LLM Apps Are Mostly Data Pipelines

TL;DR: While the existing LLM app tools like LangChain and LlamaIndex are useful for building LLM apps, their data loading capabilities aren’t recommended outside of initial experimentation. As I built and tested my LLM app pipeline I was able to feel the pain of some of the aspects that are under developed and hacked together. If you’re planning to build a production ready data pipeline to fuel your LLM apps you should heavily consider using an EL tool purpose built for the job.

Introduction

In the last year since OpenAI released ChatGPT there’s been a ton of excitement and a seemingly endless amount of new content and apps being built on top of their technology. As the dust has started to settle from the initial hype we’ve seen the developer ecosystem start to take a step back and assess where we’re at so far. Two recent posts that were shared in the Meltano community piqued our interest and motivated us to do a deeper dive.

The first is a16z’s “Emerging Architectures for LLM Applications” article highlighting the emerging patterns for building Large Language Model (LLM) applications which highlighted the data pre-processing/embedding stage and how “this piece of the stack is relatively underdeveloped, though, and there’s an opportunity for data-replication solutions purpose-built for LLM apps” 

The second was this spicey Reddit thread titled “Langchain Is Pointless“ which later hit hacker news  as well.

“Why is this just not ETL, why do you need anything here? There is no new category or product needed here.” and “It is pointless – LlamaIndex and LangChain are re-inventing ETL – why use them when you have robust technology already?”

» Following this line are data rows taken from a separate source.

(* The last row of M is diag2 e_(a+b-1) + c e_(a-1), so diag2 = 0 as well. *)
Lemma row_last2 :
  unit_row (a + b) (a + b).-1 *m M =
  diag2 *: unit_row (a + b) (a + b).-1 + ent M (a + b).-1 a.-1 *: unit_row (a + b) a.-1.
Proof.
have hb : ((a + b).-1 < a + b)%N by lia.
apply: row_inj => j; rewrite ent_unit_row_mul hb mul1r ent_add !ent_scale !ent_unit_row.
case: (ltnP j (a + b)) => hjb; last by rewrite ent_out_col ?andbF ?mulr0 ?addr0.
rewrite !andbT; case: (ltngtP j a.-1) => hj.
- rewrite M21_zero; try lia.
  by rewrite (_ : ((a + b).-1 == j) = false) ?mulr0 ?addr0 //; lia.
- case: (ltngtP j (a + b).-1) => hj2; try lia.
    by rewrite M22_below ?mulr0 ?addr0 //; lia.
  by rewrite hj2 mulr1 mulr0 addr0 M22_diag //; lia.
- by rewrite -hj mulr1 (_ : ((a + b).-1 == j) = false) ?mulr0 ?add0r //; lia.
Qed.

Lemma diag2_eq0 : diag2 = 0.
Proof.
apply: (@nilpotent_eigen _ _ M (unit_row (a + b) a.-1) (unit_row (a + b) (a + b).-1)
  diag2 (ent M (a + b).-1 a.-1) (a + b).-1) => //.
- by rewrite row_last1 diag1_eq0 scale0r.
- exact: row_last2.
- by rewrite ent_unit_row eqxx (_ : ((a + b).-1 < a + b)%N) ?oner_neq0 //; lia.
- by rewrite ent_unit_row; case: eqP => //= E; lia.
Qed.


Lemma ent_row_mul (v : 'rV[F]_(a + b)) j : ent (v *m M) 0 j =
  \sum_(i < a) ent v 0 i * ent M i j + \sum_(i < b) ent v 0 (a + i)%N * ent M (a + i)%N j.
Proof. by rewrite ent_mul big_split_ord. Qed.

(* The shape of e_0 M^k: it vanishes on the first k coordinates of each block
   (one fewer in the second block) and its k-th coordinate is c = superdiag1^k. *)
Definition leading_pattern k c (v : 'rV[F]_(a + b)) : Prop :=
  [/\ (forall j, (j < k)%N -> ent v 0 j = 0),
      (forall j, (j.+1 < k)%N -> ent v 0 (a + j)%N = 0) & ent v 0 k = c].

Section PatternStep.
Variables (k : nat) (c : F) (v : 'rV[F]_(a + b)).
Hypotheses (k_lt : (k.+1 < a)%N) (hv : leading_pattern k c v).

Lemma pattern_step_block1 j : (j < k.+1)%N -> ent (v *m M) 0 j = 0.
Proof.
move=> hj; have [h1 h2 _] := hv.
rewrite ent_row_mul !big1 ?addr0 // => i _; have hi := ltn_ord i.
- case: (ltnP i.+1 k) => hik; first by rewrite h2 // mul0r.
  by rewrite M21_zero ?mulr0 //; lia.
- case: (ltnP i k) => hik; first by rewrite h1 // mul0r.
  case: (ltngtP j i) => hji; [by rewrite M11_below ?mulr0 | lia |].
  by rewrite hji M11_diag ?diag1_eq0 ?mulr0.
Qed.

Lemma pattern_step_block2 j : (j.+1 < k.+1)%N -> ent (v *m M) 0 (a + j)%N = 0.
Proof.
move=> hj; have [h1 h2 _] := hv.
rewrite ent_row_mul !big1 ?addr0 // => i _; have hi := ltn_ord i.
- case: (ltnP i.+1 k) => hik; first by rewrite h2 // mul0r.
  case: (ltngtP j i) => hji; [by rewrite M22_below ?mulr0 //; lia | lia |].
  by rewrite hji M22_diag ?diag2_eq0 ?mulr0 //; lia.
- case: (ltnP i k) => hik; first by rewrite h1 // mul0r.
  by rewrite M12_zero ?mulr0 //; lia.
Qed.

Lemma pattern_step_lead : ent (v *m M) 0 k.+1 = c * superdiag1.
Proof.
have [h1 h2 h3] := hv; rewrite ent_row_mul [X in _ + X]big1 ?addr0; last first.
  move=> i _; case: (ltnP i.+1 k) => hik; first by rewrite h2 // mul0r.
  by rewrite M21_zero ?mulr0 //; lia.
rewrite (@sum_single _ a (fun i => ent v 0 i * ent M i k.+1) k).
  by rewrite (ltnW k_lt) mul1r h3 M11_superdiag.
move=> i hi ne; case: (ltngtP i k) => hik; first by rewrite h1 // mul0r.
  have [->|ne2] := eqVneq i k.+1; first by rewrite M11_diag ?diag1_eq0 ?mulr0.
  by rewrite M11_below ?mulr0 //; lia.
by move: ne; rewrite hik eqxx.
Qed.

End PatternStep.

Lemma leading_pattern_exp k : (k < a)%N ->
  leading_pattern k (superdiag1 ^+ k) (unit_row (a + b) 0 *m M ^+ k).
Proof.
elim: k => [|k IH] hk.
  by rewrite expr0 mulmx1; split => //; rewrite ent_unit_row /= (_ : (0 < a + b)%N) //; lia.
have hv := IH (ltnW hk).
rewrite [M ^+ _]exprSr -mulmxE mulmxA exprS mulrC; split.
- exact: pattern_step_block1 hk hv.
- exact: pattern_step_block2 hk hv.
- exact: pattern_step_lead hk hv.
Qed.

Lemma superdiag1_eq0 : M ^+ a.-1 = 0 -> superdiag1 = 0.
Proof.
move=> h; have ha : (a.-1 < a)%N by lia.
have [_ _] := leading_pattern_exp ha; rewrite h mulmx0 ent0 => /esym/eqP.
by rewrite expf_eq0 => /andP[_ /eqP].
Qed.

Lemma zero_pattern i j : superdiag1 = 0 ->
  [|| [&& (i < a)%N, (j < a)%N & (j <= i)%N], [&& (i.+1 < a)%N & (j == i.+1)],
      [&& (i < a)%N, (a <= j)%N & (j < a + i)%N], [&& (a <= i)%N & (j + b < i)%N],
      [&& (a <= i)%N, (a <= j)%N & (j <= i)%N], (a + b <= i)%N | (a + b <= j)%N] ->
  ent M i j = 0.
Proof.
move=> h1 /or4P[/and3P[hi hj hji]|/andP[hi /eqP ->]|/and3P[]|/orP[/andP[]|/orP[]]].
- case: (ltngtP j i) => hji'; [exact: M11_below | lia |].
  by rewrite hji' M11_diag ?diag1_eq0.
- by rewrite M11_superdiag.
- exact: M12_zero.
- exact: M21_zero.
- move=> /and3P[hi hj hji]; case: (ltngtP j i) => hji'; [exact: M22_below | lia |].
  case: (ltnP i (a + b)) => hib; last exact: ent_out_row.
  by rewrite hji' M22_diag ?diag2_eq0.
- by move=> /orP[h|h]; [exact: ent_out_row | exact: ent_out_col].
Qed.

(* Rows a-1, a-2, a-3 and a+b-1 of M vanish outside column a-1 (this is where
   a >= b + 3 is used), so they span at most a line. *)
Definition sparse_row (i : nat) : nat :=
  nth 0%N [:: a.-1; a.-2; (a - 3)%N; (a + b).-1] i.

Lemma sparse_row_lt (i : 'I_4) : (sparse_row i < a + b)%N.
Proof. by rewrite /sparse_row; case: i => [[|[|[|[|i]]]] hi] //=; lia. Qed.

Definition sparse_row_ord (i : 'I_4) : 'I_(a + b) := Ordinal (sparse_row_lt i).

Lemma sparse_row_ord_eq i j : (sparse_row_ord i == sparse_row_ord j) = (i == j).
Proof.
rewrite -val_eqE /= /sparse_row.
case: i => [[|[|[|[|i]]]] hi] //; case: j => [[|[|[|[|j]]]] hj] //=;
  rewrite -?val_eqE /=; case: eqP => //; lia.
Qed.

Langchain is grouped in the Orchestration stage by a16z and is one of the main tools used by LLM app developers to do everything from extracting data from sources, to embedding documents and storing them in vector databases, to prompt chaining and storing memory for chat based apps…don’t worry if you dont understand some of these terms, I’ll explain them in the next section. 

Inspired by those posts, I went on a deep dive to get a better understanding of what’s going on. I read through tons of articles, watched and listened to lots of youtube videos and podcast (on 2x speed), and built my own LLM chat app for answering questions based on the Meltano SDK docs.

In this blog post I’ll go through the following:

  1. I’ll give you a summary of what I found when I dug into the LLM app ecosystem and the challenges that come with it
  2. I’ll do my own read out from a data engineering perspective of how we’ve solved similar problems in the past and propose an ideal architecture
  3. I’ll explain my POC built using Meltano and a vision for how Meltano could help solve these challenges in the future

Part 1 – A summary of the LLM app ecosystem

I’ll try to do my best to summarize what I’ve found in a concise way so you have enough context about the LLM app ecosystem to see through the jargon. I’ve found that, like a lot of other ecosystems, there’s a lot of abbreviations and jargon but once you peel back the layers it starts  to look like common patterns you’ve seen before.

In-context Learning vs Fine Tuning

The first concept that I came across was using fine tuning vs in-context learning + Retrieval Augmented Generation (RAG). The problem that both of these techniques are trying to solve is that the pre-trained LLM’s (like OpenAI’s GPT models or open source alternatives like Hugging Face) were trained on static datasets which are now outdated, this is why when you ask ChatGPT questions about current events it will give you a canned response like “I’m sorry, I was trained on data from 2021…”.

The high level difference between the two is that in-context learning sends context to pre-trained models as part of the prompt at runtime to help it understand more about your question. Whereas fine tuning is further training the pre-trained models to take into account a new set of contextual data then all future prompts go directly to your new iteration of the model.

My takeaway was that for the majority of use cases the in-context learning approach has been the most popular. For more details on in-context learning I’d refer you to the a16z summary but my takeaways are:

  • In context learning…
    • performs reasonably well for most LLM use cases as part of a RAG pipeline and is the preferred approach
    • leverages “off the shelf” tools like OpenAI’s API and Vector databases like Pinecone so a small data team can build an LLM app without having to hire specialized ML engineers
  • Fine tuning…
    • performs better in narrowly focused contexts when the dataset is large and high quality
    • requires more know-how around getting your data to be properly weighted, i.e. not over or under indexing on your content
    • requires you to host your own models and infrastructure for serving it

For these reasons I chose to focus primarily on in-context learning apps for the rest of my exploration.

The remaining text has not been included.